All in all, this adds up to a system that skews in favor of the wealthy. The Buffett Rule aims to change that.
Dialing Back to Close the Gap
Opponents to increased tax progressiveness argue that it would hurt the economy by stunting job growth and discouraging success. But the United States has a long record of taxing the rich at much higher percentages than we do today, and those policies didn't appear to damage growth. In 1960, the super-rich paid a whopping 70 percent of their payroll income to federal taxes, according to a 2007 report from the Journal of Economic Perspectives.
Today, they pay only 35 percent of payroll income to the federal government. And when you look at total income including capital gains, the tax percentage shrinks even further; the White House report pegs the figure at about 26 percent. Federal tax code changes over the past few decades have overwhelmingly favored the richest Americans, so that millionaires and billionaires now enjoy some of the lowest federal tax rates in American history. This is thanks in large part to policies implemented under Ronald Reagan and George H. W. Bush. Even Obama has gotten into the act by calling for cuts on corporate tax rates.
The middle class, on the other hand, has actually seen an increase in tax rates since 1960.
This overall pattern has contributed to a growing net earnings disparity between rich and poor Americans. By 2007, just before the recession, the income gap had grown to levels unprecedented since 1929.

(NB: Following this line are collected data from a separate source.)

Hypothesis alphaK : involutive al.
Hypothesis sigma_inj : injective (@sigma G).
Hypothesis isv_sigma : forall d : D, v (sigma d) = v d.

Lemma phi_inj : injective phi.
Proof. by move=> d e /sigma_inj /(can_inj alphaK). Qed.

Lemma tr_inj : injective tr.
Proof. by move=> d e /phi_inj /phi_inj /(can_inj alphaK). Qed.

Lemma isv_phi (d : D) : v (phi d) = v (al d).
Proof. exact: isv_sigma. Qed.

Lemma inner_alpha (d : D) : inner (al d) = inner d.
Proof. by rewrite /inner alphaK andbC. Qed.

Lemma flen_same_face (d e : D) : same_face d e -> flen d = flen e.
Proof. by move=> /(perm_orbit phi_inj) /perm_size; rewrite !size_orbit. Qed.

Lemma fnv_same_face (d e : D) : same_face d e -> fnv d = fnv e.
Proof. by rewrite /fnv => /(perm_orbit phi_inj) /permP. Qed.

Lemma isA4_same_face (d e : D) : same_face d e -> isA4 e = isA4 d.
Proof. by move=> de; rewrite /isA4 (flen_same_face de) (fnv_same_face de). Qed.

Lemma isL_same_face (d e : D) : same_face d e -> isL e = isL d.
Proof.
by move=> de; rewrite /isL /fsize (flen_same_face de) (fnv_same_face de).
Qed.

Lemma isvF_fnv0 (d e : D) : fnv d = 0 -> same_face d e -> ~~ v e.
Proof.
move/eqP; rewrite -leqn0 leqNgt -has_count => /hasPn no_v.
by rewrite /same_face fconnect_orbit; apply: no_v.
Qed.

Lemma same_face_tr (d : D) : same_face (al d) (tr d).
Proof. exact: fconnect_iter. Qed.

Lemma isA4_tr (d : D) : isA4 (al d) -> isA4 (tr d).
Proof. by rewrite (isA4_same_face (same_face_tr d)). Qed.

Lemma inner_tr (d : D) : isA4 (al d) -> inner (tr d).
Proof.
move=> /andP [_ /eqP no_v]; have trd := same_face_tr d.
rewrite /inner -isv_phi !(isvF_fnv0 no_v) //.
exact: connect_trans trd (fconnect1 _ _).
Qed.

(* Every dart reached by a step [tr] from an A4-cell lies in an A4-cell, so
   [d1] is reached from [d2] in k2 - k1 = 0 steps. *)
Lemma trail_unwind (d1 d2 : D) (k1 k2 : nat) :
  ~~ isA4 d1 -> (forall j, j < k2 -> isA4 (al (iter j tr d2))) ->
  k1 <= k2 -> iter k1 tr d1 = iter k2 tr d2 -> d1 = d2.
Proof.
move=> d1_A4 A4_before k12; rewrite -(subnKC k12) iterD.
move=> /(inj_iter tr_inj) d1E; move: d1_A4; rewrite {}d1E.
case: (k2 - k1) (leq_subr k1 k2) => [//|m] lt_m.
by rewrite iterS isA4_tr ?A4_before.
Qed.

(* [trail_ends P d] unfolds to [[exists k, trail_at P d k]]. *)
Definition trail_at (P : pred D) (d : D) (k : 'I_#|D|) : bool :=
  [forall j : 'I_#|D|, (j < k) ==> isA4 (al (iter j tr d))] &&
  P (al (iter k tr d)).

Lemma trail_at_A4 (P : pred D) (d : D) (k : 'I_#|D|) j :
  trail_at P d k -> j < k -> isA4 (al (iter j tr d)).
Proof.
move=> /andP [/forallP A4_before _] lt_jk.
by have := A4_before (Ordinal (ltn_trans lt_jk (ltn_ord k))); rewrite /= lt_jk.
Qed.

Definition trail_end (d : D) : D :=
  if [pick k | trail_at isL d k] is Some k then al (iter k tr d) else d.

Lemma trail_endP (d : D) : trail_ends isL d ->
  exists2 k, trail_at isL d k & trail_end d = al (iter k tr d).
Proof.
rewrite /trail_end; case: pickP => [k at_k _ | none]; first by exists k.
by move=> /existsP [k at_k]; have := none k; rewrite /trail_at at_k.
Qed.

Lemma trail_end_inner_large (d : D) :
  inner d -> trail_ends isL d -> inner (trail_end d) && isL (trail_end d).
Proof.
move=> inner_d /trail_endP [k at_k ->]; rewrite inner_alpha (proj2 (andP at_k)).
rewrite andbT; case: k at_k => [[|k] lt_k] at_k //=.
by rewrite inner_tr // (trail_at_A4 at_k).
Qed.

Lemma trail_end_inj (P : pred D) : (forall d, P d -> ~~ isA4 d) ->
  {in [set d | [&& P d, inner d & trail_ends isL d]] &, injective trail_end}.
Proof.
move=> P_A4 d1 d2; rewrite !inE => /and3P [P1 _ /trail_endP [k1 at1 ->]].
move=> /and3P [P2 _ /trail_endP [k2 at2 ->]] /(can_inj alphaK) same_end.
have [k12 | /ltnW k21] := leqP k1 k2.
  exact: trail_unwind (P_A4 _ P1) (fun j => trail_at_A4 at2) k12 same_end.
exact/esym/(trail_unwind (P_A4 _ P2) (fun j => trail_at_A4 at1) k21).
Qed.

Lemma tauL_le_inner_large (P : pred D) : (forall d, P d -> ~~ isA4 d) ->
  tauL P <= #|[set e : D | inner e && isL e]|.
Proof.
move=> P_A4; rewrite /tauL -(card_in_imset (trail_end_inj P_A4)).
apply/subset_leq_card/subsetP => e /imsetP [d]; rewrite !inE.
by move=> /and3P [_ inner_d trail_d] ->; apply: trail_end_inner_large.
Qed.

Lemma tauLU (P Q : pred D) :
  (forall d, P d -> ~~ Q d) -> tauL (predU P Q) = tauL P + tauL Q.
Proof.
move=> PQ; rewrite /tauL -cardsUI -[LHS]addn0 -(cards0 D).
congr (_ + _); apply: eq_card => d; rewrite !inE /=.
  exact: andb_orl.
by case Pd: (P d); rewrite //= (negbTE (PQ d Pd)) andbF.
Qed.

(* In a U6-cell the two vertices are consecutive, so exactly one of the four
   edge-segments joins two crossings. *)
Lemma count_inner_U6_le_fsize (c : D) :
  count inner (orbit phi c) + 5 * isU6 c <= fsize c.
Proof.
rewrite /fsize; case U6c: (isU6 c); last first.
  by rewrite addn0 (leq_trans (count_size _ _)) // size_orbit leq_addr.
move: U6c; rewrite /isU6 /fnv /flen => /and3P [/eqP len4 /eqP].
have orbit4 : orbit phi c = [:: c; phi c; phi (phi c); phi (phi (phi c))].
  by rewrite /orbit len4.
have phi4 : phi (phi (phi (phi c))) = c.
  by have := iter_order phi_inj c; rewrite len4.
rewrite len4 orbit4 /= /inner -!isv_phi phi4.
by case: (v c) (v (phi c)) (v (phi (phi c))) (v (phi (phi (phi c))))
  => [] [] [] [].
Qed.

Lemma inner_large_U6_le_large_sum :
  #|[set e : D | inner e && isL e]| + 5 * N_U6 G <= large_sum G.
Proof.
pose large_face (c : D) := (c \in faces G) && isL c.
rewrite -sum1dep_card (partition_big (froot phi) large_face) /=; last first.
  move=> e /andP [_ large_e]; rewrite /large_face imset_f //=.
  by rewrite (isL_same_face (connect_root _ e)).
have -> : N_U6 G = \sum_(c | large_face c) isU6 c.
  rewrite /N_U6 -sum1dep_card -big_mkcondr /=; apply: eq_bigl => c.
  rewrite /large_face -andbA; case U6c: (isU6 c); rewrite ?andbF ?andbT //.
  move: U6c => /and3P [/eqP len4 /eqP nv2 _].
  by rewrite /isL /fsize len4 nv2 andbT.
rewrite big_distrr -big_split /=; apply: leq_sum => c /andP [face_c _].
apply: leq_trans (count_inner_U6_le_fsize c); rewrite leq_add2r sum1dep_card.
rewrite -size_filter -(card_uniqP (filter_uniq _ (orbit_uniq _ _))).
apply/subset_leq_card/subsetP => e; rewrite !inE mem_filter -fconnect_orbit.
move=> /andP [/andP [-> _] /eqP <-] /=.
by rewrite (fconnect_sym phi_inj) connect_root.
Qed.

End Planarization.

Theorem mainTheorem4 (G : drawing) :
  three_saturated G ->
  tauL (@isB4 G) + tauL (@isB5 G) + tauL (@isA3 G) + tauL (@isA5 G)
    + 5 * N_U6 G <= large_sum G.
Proof.
move=> [[alphaK [_ [sigma_inj [isv_sigma _]]]] _].
rewrite -!tauLU; [| move=> d /=; rewrite /isB4 /isB5 /isA3 /isA5;
  by case: (flen d) => [|[|[|[|[|[]]]]]]; case: (fnv d) => [|[]] ..].
apply: leq_trans (inner_large_U6_le_large_sum alphaK sigma_inj isv_sigma).
rewrite leq_add2r; apply: (tauL_le_inner_large alphaK sigma_inj isv_sigma).
move=> d /=; rewrite /isB4 /isB5 /isA3 /isA5 /isA4.
by case: (flen d) => [|[|[|[|[|[]]]]]]; case: (fnv d) => [|[]].
Qed.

In its historical context, the Buffett Rule looks more like a slight dial-back than a major reform. Since it would affect only those earning $1 million a year or more, the measure would do relatively little to turn back the high tide of economic inequality.
Hope and Chump Change
The Buffett Rule has been codified somewhat vaguely in the "Paying a Fair Share Act of 2012," which is scheduled for a Senate vote on April 16. Extra income from closing the capital gains loophole could benefit the national economy by raising revenues of about $46.7 billion over the next ten years, according to the Joint Committee on Taxation.
This is no small sum, but in fact it barely makes a dent in the U.S. national deficit and would have a small impact on the federal budget.
More importantly, the Buffett Rule isn't likely to be enacted, and Obama knows it. Chances are slim to none that the Republican majority U.S. House of Representatives will let the bill through.
But backing the measure gives the president a powerful talking point in the lead-up to the November election. Faced with presumptive Republican candidate Mitt Romney, who has been blasted by critics for seeming out of touch with average Americans, Obama knows that touting the Buffett Rule gives him the populist edge.
"[Romney] thinks millionaires and billionaires should keep paying lower tax rates than middle-class families. In fact, Romney himself isn't paying his fair share," said a statement from the Obama campaign. Tax forms released by the Romney campaign show that he made $21 million last year and paid only about 14 percent of that in taxes.
Rhetoric like this will serve Obama well in November, and that's the real purpose of the 2012 Buffett Rule legislation. Even if, by some fluke, the bill passed in Congress, the "Paying a Fair Share Act" would do little to address existing problems with federal tax codes.
A bigger opportunity for change will come up at the end of this year, when Bush-era tax cuts for those making $250,000 or more are set to expire. Obama has called on lawmakers allow the tax codes to revert to their pre-2001 status, and that could benefit the U.S. economy to the tune of $800 billion over the next decade.